The genetic organization of the phage 9g genome (see below) made us suspect that this virus can either lysogenize or instead enter into an unusual pseudolysogenic state characterized by partial repression of closely located promoters that might allow infected cells to divide, producing either infected progeny or a mixture of infected and non-infected cells.
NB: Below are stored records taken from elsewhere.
(* Let $W$ be a finite set of possible worlds and let $\bullet$ be an operator assigning to every pair $(G_1,G_2)$ of belief algebras on $W$ a belief algebra $G_1\bullet G_2$, satisfying the postulates (RA1)–(RA4) described in the context. Let $G_1=(2^W,\gg_1)$ and $G_2=(2^W,\gg_2)$ be complete belief algebras, and let $$\Lambda(G_1,G_2)=\{(\{\omega\},\{\omega'\})\mid \{\omega\}\gg_1\{\omega'\},\ I_2(\{\omega\})=I_2(\{\omega'\})\},$$ where $I_2$ denotes the support with respect to the backbone of $G_2$. Then $G_1\bullet G_2=\operatorname{Gen}(\Lambda(G_1,G_2)\cup G_2)$, and the result of revising $G_1$ by $G_2$ is unique.
   Context: $W$ is a finite nonempty set. Let $R_W=\{(U,V)\mid U,V\subseteq W,\ U\cap V=\varnothing\}$. A belief algebra on $W$ is a pair $(2^W,\gg)$, where $\gg$ is a binary relation on $2^W$ satisfying, for all $U,V,U_1,V_1,U_2,V_2\subseteq W$: (A0) $\gg\subseteq R_W$; (A1) $U\gg\varnothing$ iff $U\neq\varnothing$; (A2) if $U\gg V$ then not $V\gg U$; (A3) if $U_1\supseteq U$, $U\gg V$, $V\supseteq V_1$ and $U_1\cap V_1=\varnothing$, then $U_1\gg V_1$; (A4) if $U=U_1\cup V_1=U_2\cup V_2$, $U_1\gg V_1$ and $U_2\gg V_2$, then $U_1\cap U_2\gg V_1\cup V_2$. A belief algebra is identified with its relation $\gg$ viewed as a set of pairs; $(U,V)\in G$ means $U\gg V$, and $\subseteq,\cup,\cap$ refer to these sets of pairs. For $\Omega\subseteq R_W$, $\operatorname{Gen}(\Omega)$ is the smallest subset of $R_W$ containing $\Omega$ and closed under: (i) it contains $(U,\varnothing)$ for every nonempty $U\subseteq W$; (ii) if $(U,V)$ is in it, $U\subseteq U_1$, $V_1\subseteq V$, $U_1\cap V_1=\varnothing$, then $(U_1,V_1)$ is in it; (iii) if $U_1\cup V_1=U_2\cup V_2$ and $(U_1,V_1),(U_2,V_2)$ are in it, then $(U_1\cap U_2,V_1\cup V_2)$ is in it. For a total preorder $\preceq$ on $W$ (with $\omega\prec\omega'$ iff $\omega\preceq\omega'$ and not $\omega'\preceq\omega$), the relation $U\gg V$ iff $U\cap V=\varnothing$ and there is $\omega_1\in U$ with $\omega_1\prec\omega_2$ for all $\omega_2\in V$ is a belief algebra; those arising this way are complete belief algebras (CBAs). Every belief algebra $(2^W,\gg)$ has a unique backbone: a sequence $U_1,\dots,U_n$ of nonempty pairwise disjoint sets with union $W$, with $U_i\gg U_{i+1}$ for $i<n$, such that for each $i$ any two disjoint nonempty subsets of $U_i$ are incomparable under $\gg$. For nonempty $V\subseteq W$, its support $I(V)$ is $U_i$ for the least $i$ with $V\cap U_i\neq\varnothing$. Postulates (for all belief algebras $G_1=(2^W,\gg_1)$, $G_2=(2^W,\gg_2)$): (RA1) $G_2\subseteq G_1\bullet G_2$. (RA2) There is $\Omega\subseteq G_1\cup G_2$ with $G_1\bullet G_2=\operatorname{Gen}(\Omega)$. (RA3) If $G_1,G_2$ are CBAs, then $G_1\bullet G_2$ is a CBA. (RA4) If $G_1,G_2$ are CBAs and $I_2(\{\omega\})=I_2(\{\omega'\})$ (support w.r.t. the backbone of $G_2$), then $(\{\omega\},\{\omega'\})\in G_1\bullet G_2$ iff $\{\omega\}\gg_1\{\omega'\}$. *)

From mathcomp Require Import all_boot.
From Stdlib Require Import ClassicalEpsilon.
Set Implicit Arguments. Unset Strict Implicit. Unset Printing Implicit Defensive.

Section BeliefAlgebra.
Variable W : finType.

(* A binary relation on 2^W, viewed as a set of pairs (U,V); (U,V) \in G means U >> V. *)
Definition brel := {set ({set W} * {set W})}.

Definition belief_algebra (G : brel) : Prop :=
  (forall U V : {set W}, (U, V) \in G -> [disjoint U & V]) /\
  (forall U : {set W}, (U, set0) \in G <-> U != set0) /\
  (forall U V : {set W}, (U, V) \in G -> (V, U) \notin G) /\
  (forall U V U1 V1 : {set W}, U \subset U1 -> (U, V) \in G ->
               V1 \subset V -> [disjoint U1 & V1] -> (U1, V1) \in G) /\
  (forall U U1 V1 U2 V2 : {set W}, U = U1 :|: V1 -> U = U2 :|: V2 ->
               (U1, V1) \in G -> (U2, V2) \in G -> (U1 :&: U2, V1 :|: V2) \in G).

Definition gen_closed (S : brel) : bool :=
  [forall U : {set W}, (U != set0) ==> ((U, set0) \in S)] &&
  [forall p in S, forall U1 : {set W}, forall V1 : {set W},
     [&& p.1 \subset U1, V1 \subset p.2 & [disjoint U1 & V1]] ==> ((U1, V1) \in S)] &&
  [forall p in S, forall q in S,
     (p.1 :|: p.2 == q.1 :|: q.2) ==> ((p.1 :&: q.1, p.2 :|: q.2) \in S)].

Definition Gen (Om : brel) : brel :=
  [set p | [forall S : brel, (gen_closed S && (Om \subset S)) ==> (p \in S)]].

Definition CBA (G : brel) : Prop :=
  exists le : rel W, total le /\ transitive le /\
    G = [set p : {set W} * {set W} | [disjoint p.1 & p.2] &&
           [exists w1 in p.1, forall w2 in p.2, le w1 w2 && ~~ le w2 w1]].

Definition is_backbone (G : brel) (bb : seq {set W}) : Prop :=
  (forall i, i < size bb -> nth set0 bb i != set0) /\
  (forall i j, i < j -> j < size bb -> [disjoint nth set0 bb i & nth set0 bb j]) /\
  (\bigcup_(U <- bb) U = [set: W]) /\
  (forall i, i.+1 < size bb -> (nth set0 bb i, nth set0 bb i.+1) \in G) /\
  (forall i, i < size bb -> forall X Y : {set W},
      X \subset nth set0 bb i -> Y \subset nth set0 bb i ->
      X != set0 -> Y != set0 -> [disjoint X & Y] -> (X, Y) \notin G).

(* The (unique, by the paper) backbone, chosen by classical choice. *)
Definition backbone (G : brel) : seq {set W} :=
  epsilon (inhabits [::]) (is_backbone G).

Definition supp (G : brel) (V : {set W}) : {set W} :=
  let bb := backbone G in nth set0 bb (find (fun U => U :&: V != set0) bb).

Definition Lambda (G1 G2 : brel) : brel :=
  [set p | [exists w : W, exists w' : W,
     [&& p == ([set w], [set w']), ([set w], [set w']) \in G1 &
         supp G2 [set w] == supp G2 [set w']]]].

End BeliefAlgebra.

(* By RA3 the revision G1 • G2 is the CBA of a total preorder <=.  Every CBA
   is generated by rules (i)-(iii) from its singleton pairs {x} >> {y}, x < y:
   rule (iii) adds the worlds of V to ({x}, V) one at a time and rule (ii)
   enlarges {x} to U.  Compare such x, y in the preorder <=2 of G2.  If x <2 y
   the pair lies in G2; y <2 x is impossible because G2 is contained in
   G1 • G2 by RA1; if x ~2 y then x and y lie in the same block of the
   backbone of G2, whose blocks are strictly ordered, so they have the same
   support and RA4 puts the pair in G1, hence in Lambda.  Conversely G1 • G2 is
   a belief algebra, hence closed under (i)-(iii), and contains G2 (RA1) and
   Lambda (RA4). *)

From mathcomp Require Import all_boot.
From Stdlib Require Import ClassicalEpsilon.
Set Implicit Arguments. Unset Strict Implicit. Unset Printing Implicit Defensive.

Lemma set1_neq0 (T : finType) (x : T) : [set x] != set0.
Proof. by apply/set0Pn; exists x; rewrite inE. Qed.

Section StrictPart.
Variables (W : finType) (le : rel W).
Hypotheses (le_total : total le) (le_trans : transitive le).

Definition strict : rel W := fun x y => le x y && ~~ le y x.

Lemma le_refl x : le x x.
Proof. by have := le_total x x; rewrite orbb. Qed.

Lemma strict_irr x : strict x x = false.
Proof. by rewrite /strict andbN. Qed.

Lemma strictW x y : strict x y -> le x y.
Proof. by case/andP. Qed.

Lemma le_strict_trans x y z : le x y -> strict y z -> strict x z.
Proof.
move=> lxy /andP[lyz nlzy]; rewrite /strict (le_trans lxy lyz) /=.
by apply: contra nlzy => lzx; apply: le_trans lzx lxy.
Qed.

Lemma strict_trans : transitive strict.
Proof. by move=> y x z /strictW; apply: le_strict_trans. Qed.

Lemma strict_asym x y : strict x y -> strict y x = false.
Proof. by case/andP=> lxy _; rewrite /strict lxy andbF. Qed.

Lemma strict_total x y : [\/ strict x y, strict y x | le x y && le y x].
Proof.
rewrite /strict; case lxy: (le x y); case lyx: (le y x); try by constructor.
by have := le_total x y; rewrite lxy lyx.
Qed.

Lemma exists_le_min (A : {set W}) : A != set0 ->
  exists2 m, m \in A & forall a, a \in A -> le m a.
Proof.
move=> /set0Pn[a0 a0A].
have := mem_sort le (enum A); have := sort_sorted le_total (enum A).
case: (sort le (enum A)) => [|m s] sorted_s mem_s.
  by have := mem_s a0; rewrite mem_enum a0A.
exists m; first by rewrite -mem_enum -mem_s mem_head.
have /allP m_min := order_path_min le_trans sorted_s.
move=> a; rewrite -mem_enum -mem_s inE => /predU1P[->|a_s]; first exact: le_refl.
exact: m_min.
Qed.

End StrictPart.

Section CompleteBeliefAlgebra.
Variables (W : finType) (le : rel W).
Hypotheses (le_total : total le) (le_trans : transitive le).

(* [CBA G] states exactly [G = cba_of le] for a total preorder [le]. *)
Definition cba_of : brel W :=
  [set p : {set W} * {set W} |
    [disjoint p.1 & p.2] && [exists x in p.1, forall y in p.2, strict le x y]].

Lemma cbaP (U V : {set W}) :
  reflect ([disjoint U & V] /\ exists2 x, x \in U & forall y, y \in V -> strict le x y)
          ((U, V) \in cba_of).
Proof.
rewrite inE /=; apply: (iffP andP) => [[dUV /exists_inP[x xU /forall_inP xV]]|].
  by split=> //; exists x.
by case=> dUV [x xU xV]; split=> //; apply/exists_inP; exists x => //; apply/forall_inP.
Qed.

Lemma mem_cba1 x y : (([set x], [set y]) \in cba_of) = strict le x y.
Proof.
apply/cbaP/idP => [[_ [_ /set1P-> /(_ y (set11 y))]] //|xy].
split; first by rewrite disjoints1 in_set1; apply: contraTneq xy => ->; rewrite strict_irr.
by exists x; rewrite ?in_set1 // => _ /set1P->.
Qed.

Lemma cba_meet (U1 V1 U2 V2 : {set W}) x1 x2 :
  U1 :|: V1 = U2 :|: V2 -> x1 \in U1 -> le x1 x2 ->
  (forall y, y \in V1 -> strict le x1 y) -> (forall y, y \in V2 -> strict le x2 y) ->
  exists2 x, x \in U1 :&: U2 & forall y, y \in V1 :|: V2 -> strict le x y.
Proof.
move=> U12 x1U1 x12 x1V1 x2V2; exists x1.
  have : x1 \in U2 :|: V2 by rewrite -U12 inE x1U1.
  case/setUP=> [x1U2|x1V2]; first by rewrite inE x1U1.
  by have := le_strict_trans le_trans x12 (x2V2 _ x1V2); rewrite strict_irr.
by move=> y /setUP[/x1V1 //|/x2V2]; apply: le_strict_trans.
Qed.

Lemma cba_belief_algebra : belief_algebra cba_of.
Proof.
split; [|split; [|split; [|split]]].
- by move=> U V /cbaP[].
- move=> U; split=> [/cbaP[_ [x xU _]]|/set0Pn[x xU]]; first by apply/set0Pn; exists x.
  by apply/cbaP; split; [rewrite -setI_eq0 setI0 | exists x; rewrite // => y; rewrite inE].
- move=> U V /cbaP[_ [x xU xV]]; apply/cbaP=> -[_ [y yV yU]].
  by have := xV y yV; rewrite strict_asym ?yU.
- move=> U V U1 V1 sUU1 /cbaP[_ [x xU xV]] sV1V dU1V1; apply/cbaP; split=> //.
  by exists x; [apply: subsetP xU | move=> y /(subsetP sV1V); apply: xV].
- move=> U U1 V1 U2 V2 -> U12 /cbaP[d1 [x1 x1U1 x1V1]] /cbaP[d2 [x2 x2U2 x2V2]].
  apply/cbaP; split.
    rewrite -setI_eq0 setIUr setU_eq0 !setI_eq0.
    by rewrite (disjointWl (subsetIl _ _) d1) (disjointWl (subsetIr _ _) d2).
  have [x12|x21] := orP (le_total x1 x2); first exact: cba_meet x1V1 x2V2.
  by rewrite setIC setUC; apply: cba_meet x2V2 x1V1.
Qed.

End CompleteBeliefAlgebra.

Section Generation.
Variable W : finType.
Implicit Types (S Om : brel W).

Lemma gen_closedP S :
  reflect [/\ forall U : {set W}, U != set0 -> (U, set0) \in S,
              forall U V U1 V1 : {set W}, (U, V) \in S -> U \subset U1 -> V1 \subset V ->
                [disjoint U1 & V1] -> (U1, V1) \in S &
              forall U1 V1 U2 V2 : {set W}, (U1, V1) \in S -> (U2, V2) \in S ->
                U1 :|: V1 = U2 :|: V2 -> (U1 :&: U2, V1 :|: V2) \in S]
          (gen_closed S).
Proof.
rewrite /gen_closed -andbA.
apply: (iffP and3P) => [[/forall_inP nonempty /forall_inP mono /forall_inP meet]|].
  split=> [U /nonempty //|U V U1 V1 /mono + sU sV dUV|U1 V1 U2 V2 /meet + p2 U12].
    by move=> /forallP/(_ U1)/forallP/(_ V1)/implyP; apply; rewrite /= sU sV.
  by move=> /forall_inP/(_ _ p2)/implyP; apply; rewrite /= U12.
case=> nonempty mono meet; split; apply/forall_inP.
- exact: nonempty.
- move=> [U V] /= pS; apply/forallP=> U1; apply/forallP=> V1.
  by apply/implyP=> /and3P[]; apply: mono.
- move=> [U1 V1] /= p1; apply/forall_inP=> -[U2 V2] p2; apply/implyP=> /eqP.
  exact: meet.
Qed.

Lemma belief_algebra_gen_closed S : belief_algebra S -> gen_closed S.
Proof.
case=> _ [nonempty [_ [mono meet]]]; apply/gen_closedP; split.
- by move=> U /nonempty.
- by move=> U V U1 V1 pS sU sV; apply: mono sU pS sV.
- by move=> U1 V1 U2 V2 p1 p2 U12; apply: meet U12 p1 p2.
Qed.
The plaques formed by 9g phage on E. coli C600 lawns as well as on the lawns of the E. coli 4sR and 4sAs strains are 2 mm in diameter, with clear centers and narrow turbid edges. Using toothipicks, we transferred material from the 20 plaques formed on E. coli C600 lawns, as well as 20 plaques formed on E. coli 4sAs, onto fresh LB plates. Weak growth of the culture was observed the next day. The repeated passages yielded, however, normally growing cultures. At every passage we transferred the cultures on both LB plates and on double layer plates with the freshly inoculated lawn of the original strain to visualize the presence of active phage particles. The ability to produce the phage was stably maintained in all of the cultures tested over at least 15 passages (Figure 4). We called these systems “pseudolysogenic associations” (PA) due to their apparent similarity to the characteristics of true lysogenic cultures.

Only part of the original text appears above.